• _WORK INSTRUCTIONS_:
Take the data from its first line. Print each line exactly until the line containing "Local Notation tshift" has been printed too.

• _DATASET RECORDS_:

Local Notation m := (phi i b).
Local Notation alpha_i := (cl (alpha i0 a i)).
Local Notation delta_i0 := ((i == i0)%:Z).
Local Notation str := (crystal_string crys i).
Local Notation tstr := (string_axioms_tens str).
Local Notation tf := (tens_f (f i) (eps i) (phi i)).
Local Notation te := (tens_e (e i) (eps i) (phi i)).
Local Notation teps := (tens_eps (eps i) (phi i)).
Local Notation tphi := (tens_phi (eps i) (phi i)).
Local Notation tshift := (string_shift teps tphi (eps i b)).
Local Notation srefl := (sreflect tf te teps tphi (eps i b)).
Local Notation tpot := (tens_potential (eps i) H delta_i0).

Lemma kpow_eps t x : kpow f i t b = Some x -> eps i x = (eps i b + t)%N.
Proof.
have epsf u v : f i u = Some v -> eps i v = (eps i u + 1)%N.
  by move/(string_f_eps str); rewrite addn1.
by move/(iter_opt_add epsf); rewrite natn.
Qed.

Lemma kpow_wt t x : kpow f i t b = Some x -> wt x = wt b - alpha_i *+ t.
Proof. by move/(iter_opt_add (crystal_f_wt crys (i := i))); rewrite mulNrn. Qed.

Lemma kpow_le t x : kpow f i t b = Some x -> (t <= m)%N.
Proof. by case: crys => _ _ _ phi_iter _ hx; apply/phi_iter; rewrite hx. Qed.

Definition string_elt (t : nat) : B := odflt b (kpow f i t b).

Lemma string_elt_ord (t : 'I_m.+1) : kpow f i t b = Some (string_elt t).
Proof.
rewrite /string_elt kpowE.
by have [|x ->] // := iter_string_f str (k := t) (x := b); rewrite -ltnS.
Qed.

Definition term_index := ('I_m.+1 * {ffun 'I_j -> B})%type.

Definition tensor_of (y : term_index) : seq B := string_elt y.1 :: rev (codom y.2).

Definition of_tensor (c : seq B) : term_index :=
  (inord (lead_eps (eps i) c - eps i b), [ffun k : 'I_j => nth b (rev (behead c)) k]).

Definition admissible (c : seq B) : Prop :=
  size c = j.+1 /\ exists t, kpow f i t b = Some (head b c).

Definition sigma (y : term_index) : term_index := of_tensor (srefl (tensor_of y)).

Lemma chain_codom (s : {ffun 'I_j -> B}) x n : chain s x n = nth x (codom s) n.
Proof.
rewrite /chain; case: insubP => [k _ <- | /negbTE hn].
  rewrite codomE (nth_map k) ?size_enum_ord ?ltn_ord //.
  by congr (s _); apply: val_inj; rewrite /= nth_enum_ord.
by rewrite nth_default // size_codom card_ord leqNgt hn.
Qed.

Lemma energyE_tensor x (s : {ffun 'I_j -> B}) :
  energyE H x s = tens_energy H (x :: rev (codom s)).
Proof.
rewrite tens_energy_rev size_codom card_ord; apply: eq_bigr => k _.
by rewrite !chain_codom.
Qed.

Lemma tensor_ofK : cancel tensor_of of_tensor.
Proof.
case=> t s; rewrite /of_tensor /= (kpow_eps (string_elt_ord t)) addKn inord_val.
by congr (_, _); apply/ffunP => k; rewrite ffunE revK -chain_codom /chain valK.
Qed.

Lemma admissible_tensor_of y : admissible (tensor_of y).
Proof.
split; first by rewrite /= size_rev size_codom card_ord.
by exists y.1; rewrite (string_elt_ord _).
Qed.

Lemma of_tensorK c : admissible c -> tensor_of (of_tensor c) = c.
Proof.
case: c => [[]//|x r] [/= [size_r] [t ht]].
rewrite /tensor_of /of_tensor /= (kpow_eps ht) addKn inordK ?ltnS ?(kpow_le ht) //.
rewrite /string_elt ht /=; congr (_ :: _).
apply: (canLR revK).
rewrite codomE -[RHS](mkseq_nth b) size_rev size_r /mkseq -val_enum_ord -map_comp.
by apply: eq_map => k; rewrite /= ffunE.
Qed.

Lemma admissible_eps c : admissible c -> (eps i b <= teps c)%N.
Proof. by case: c => [[]//|x r] [_ [t /kpow_eps /= ->]]; lia. Qed.

Lemma admissible_f c c' : admissible c -> tf c = Some c' -> admissible c'.
Proof.
move=> [size_c [t ht]] hc; split; first by rewrite (tens_f_size hc).
case: c hc ht {size_c} => [//|x r] /=; case: ltnP => _.
  by case hx: (f i x) => [x'|] //= [<-] ht; exists t.+1; rewrite kpowS ht.
by case: (tf r) => [r'|] //= [<-] ht; exists t.
Qed.

Lemma admissible_e c c' :
  admissible c -> te c = Some c' -> (eps i b <= teps c')%N -> admissible c'.
Proof.
move=> [size_c [t ht]] hc hc'; split.
  by rewrite -size_c (tens_f_size (tens_eK str hc)).
case: c hc ht {size_c} hc' => [//|x r] /=; case: leqP => hr.
  case hx: (e i x) => [x'|] //= [<-] ht /=.
  have fx' := proj2 (string_fe str _ _) hx; have := string_f_phi str fx'.
  have := string_f_eps str fx'; have := kpow_eps ht.
  case: t ht => [|t] ht; first by lia.
  move: ht; rewrite kpowS; case hz: (kpow f i t b) => [z|] //= fz _ _ _ _.
  by exists t; rewrite hz; move: fz; rewrite (string_fe str) hx => -[->].
by case: (te r) => [r'|] //= [<-] ht; exists t.
Qed.

Lemma admissible_srefl c : admissible c -> admissible (srefl c).
Proof.
move=> hc; apply: (sreflect_inv tstr _ _ (admissible_eps hc) hc).
  exact: admissible_f.
exact: admissible_e.
Qed.

Lemma tensor_of_sigma y : tensor_of (sigma y) = srefl (tensor_of y).
Proof. exact: of_tensorK (admissible_srefl (admissible_tensor_of y)). Qed.

Lemma sigmaK : involutive sigma.
Proof.
move=> y; rewrite {1}/sigma tensor_of_sigma (sreflectK tstr) ?tensor_ofK //.
exact: admissible_eps (admissible_tensor_of y).
Qed.

Definition weight_refl (lam : {ffun I -> int}) : {ffun I -> int} :=
  lam - alpha_i *~ (lam i + (eps i b)%:Z).

Lemma weight_reflK : involutive weight_refl.
Proof.
move=> lam; apply/ffunP => x.
by rewrite /weight_refl !(ffunE, ffunMzE) a_ii !mulrzz; ring.
Qed.

Lemma string_shift_weight c : tshift c = (\sum_(x <- c) wt x) i + (eps i b)%:Z.
Proof.
by rewrite /string_shift (tens_phi_sub_eps (crystal_phi_sub_eps crys i)) sum_ffunE.
Qed.

Lemma weight_srefl c : (eps i b <= teps c)%N ->
  \sum_(x <- srefl c) wt x = weight_refl (\sum_(x <- c) wt x).
Proof.
move=> hc.
have wf := tens_f_sum (epb := eps i) (phb := phi i) (crystal_f_wt crys (i := i)).
by rewrite (sreflect_add tstr wf hc) string_shift_weight mulNrz.
Qed.

Lemma potential_srefl c : (eps i b <= teps c)%N ->
  tpot (srefl c) = tpot c + delta_i0 * tshift c.
Proof.
move=> hc; have potf := tens_potential_f str
  (energy_left energy (i := i)) (energy_right energy (i := i)).
by rewrite (sreflect_add tstr potf hc) mulrzz mulrC.
Qed.

Lemma weight_tensor_of y :
  \sum_(x <- tensor_of y) wt x = \sum_(k < j) wt (y.2 k) + (wt b - alpha_i *+ y.1).
Proof.
by rewrite big_cons big_rev codomE enumT big_map addrC (kpow_wt (string_elt_ord _)).
Qed.

Lemma potential_tensor_of y : tpot (tensor_of y) =
  energyE H (string_elt y.1) y.2 + delta_i0 * (j.+1 * (eps i b + y.1))%N%:Z.
Proof.
rewrite /tens_potential energyE_tensor /= size_rev size_codom card_ord.
by rewrite (kpow_eps (string_elt_ord _)).
Qed.

Lemma weight_condL (mu : wlat I) (y : term_index) :
  (\sum_(k < j) wt (y.2 k) == cl (mu + alpha i0 a i *~ (y.1)%:Z)) =
  (\sum_(x <- tensor_of y) wt x == cl mu + wt b).
Proof.
rewrite weight_tensor_of cl_shift -(inj_eq (addIr (wt b - alpha_i *+ y.1))).
by rewrite pmulrn addrACA subrr addr0.
Qed.

Lemma weight_condR (mu : wlat I) (y : term_index) :
  (\sum_(k < j) wt (y.2 k)
     == cl (refl i0 a i (mu + alpha i0 a i *~ (m%:Z - (y.1)%:Z)))) =
  (\sum_(x <- tensor_of y) wt x == weight_refl (cl mu + wt b)).
Proof.
rewrite weight_tensor_of -(inj_eq (addIr (wt b - alpha_i *+ y.1))); congr (_ == _).
apply/ffunP => x; rewrite cl_refl cl_shift /weight_refl !(ffunE, ffunMzE, ffunMnE).
by rewrite -(crystal_phi_sub_eps crys i b) a_ii pmulrn !mulrzz; ring.
Qed.

Lemma exponentL (mu : wlat I) (y : term_index) :
  delta_coef (mu + alpha i0 a i *~ (y.1)%:Z) + energyE H (string_elt y.1) y.2
    + (y.1 * j * (i == i0))%N%:Z
  = delta_coef mu + tpot (tensor_of y) - delta_i0 * (j.+1 * eps i b)%N%:Z.
Proof. by rewrite potential_tensor_of delta_coef_shift; ring. Qed.

Lemma exponentR (mu : wlat I) (y : term_index) :
  delta_coef (refl i0 a i (mu + alpha i0 a i *~ (m%:Z - (y.1)%:Z)))
    + energyE H (string_elt y.1) y.2 + (y.1 * j * (i == i0))%N%:Z
  = delta_coef mu - delta_i0 * (cl mu i + m%:Z) + tpot (tensor_of y)
    - delta_i0 * (j.+1 * eps i b)%N%:Z.
Proof.
rewrite potential_tensor_of delta_coef_refl delta_coef_shift cl_shift.
by rewrite !(ffunE, ffunMzE) a_ii mulrzz; ring.
Qed.

Definition term (nu : nat -> wlat I) (y : term_index) : LaurentF :=
  if \sum_(k < j) wt (y.2 k) == cl (nu y.1)
  then qvar ^ (delta_coef (nu y.1) + energyE H (string_elt y.1) y.2
               + (y.1 * j * (i == i0))%N%:Z)
  else 0.

Lemma sum_gopt_term (nu : nat -> wlat I) :
  \sum_(t < m.+1) gopt qvar wt H j (kpow f i t b) (nu t) * qvar ^+ (t * j * (i == i0))
  = \sum_(y : term_index) term nu y.
Proof.
rewrite -(pair_bigA _ (fun t s => term nu (t, s))); apply: eq_bigr => t _.
rewrite (string_elt_ord t) /gopt /gfun big_mkcond mulr_sumr mulr_suml.
apply: eq_bigr => s _; rewrite /term /=; case: ifP => _; last by rewrite mulr0 mul0r.
by rewrite exprnP !expfzDr ?qvar_neq0.
Qed.

Lemma term_sigma (mu : wlat I) (y : term_index) :
  term (fun t => mu + alpha i0 a i *~ t%:Z) y =
  term (fun t => refl i0 a i (mu + alpha i0 a i *~ (m%:Z - t%:Z))) (sigma y).
Proof.
have hc := admissible_eps (admissible_tensor_of y).
rewrite /term weight_condL weight_condR tensor_of_sigma weight_srefl //.
rewrite (inj_eq (can_inj weight_reflK)); case: eqP => // wy.
rewrite exponentL exponentR tensor_of_sigma potential_srefl // string_shift_weight wy.
by rewrite ffunE -(crystal_phi_sub_eps crys i b); congr (qvar ^ _); ring.
Qed.

End Symmetry.

Theorem mainTheorem6 (I : finType) (i0 : I) (a : I -> I -> int)
  (B : finType) (wt : B -> {ffun I -> int}) (e f : I -> B -> option B)
  (eps phi : I -> B -> nat) (H : B -> B -> int) :
  affine_cartan a ->
  is_crystal i0 a wt e f eps phi ->
  energy_function i0 e eps phi H ->
  forall (b : B) (i : I) (j : nat) (mu : wlat I),
  let m := phi i b in
  \sum_(t < m.+1)
     gopt qvar wt H j (kpow f i t b) (mu + alpha i0 a i *~ t%:Z)
       * qvar ^+ (t * j * (i == i0))
  = \sum_(t < m.+1)
     gopt qvar wt H j (kpow f i t b)
       (refl i0 a i (mu + alpha i0 a i *~ (m%:Z - t%:Z)))
       * qvar ^+ (t * j * (i == i0)).
Proof.
move=> [a_ii _ _ _ _] crys energy b i j mu m.
rewrite (sum_gopt_term H crys i b j (fun t => mu + alpha i0 a i *~ t%:Z)).
rewrite (sum_gopt_term H crys i b j
  (fun t => refl i0 a i (mu + alpha i0 a i *~ (m%:Z - t%:Z)))).
rewrite [RHS](reindex_inj (can_inj (sigmaK crys (a_ii i)))).
by apply: eq_bigr => y _; rewrite (term_sigma crys energy (a_ii i)).
Qed.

• _THE ANSWER_:
Local Notation m := (phi i b).
Local Notation alpha_i := (cl (alpha i0 a i)).
Local Notation delta_i0 := ((i == i0)%:Z).
Local Notation str := (crystal_string crys i).
Local Notation tstr := (string_axioms_tens str).
Local Notation tf := (tens_f (f i) (eps i) (phi i)).
Local Notation te := (tens_e (e i) (eps i) (phi i)).
Local Notation teps := (tens_eps (eps i) (phi i)).
Local Notation tphi := (tens_phi (eps i) (phi i)).
Local Notation tshift := (string_shift teps tphi (eps i b)).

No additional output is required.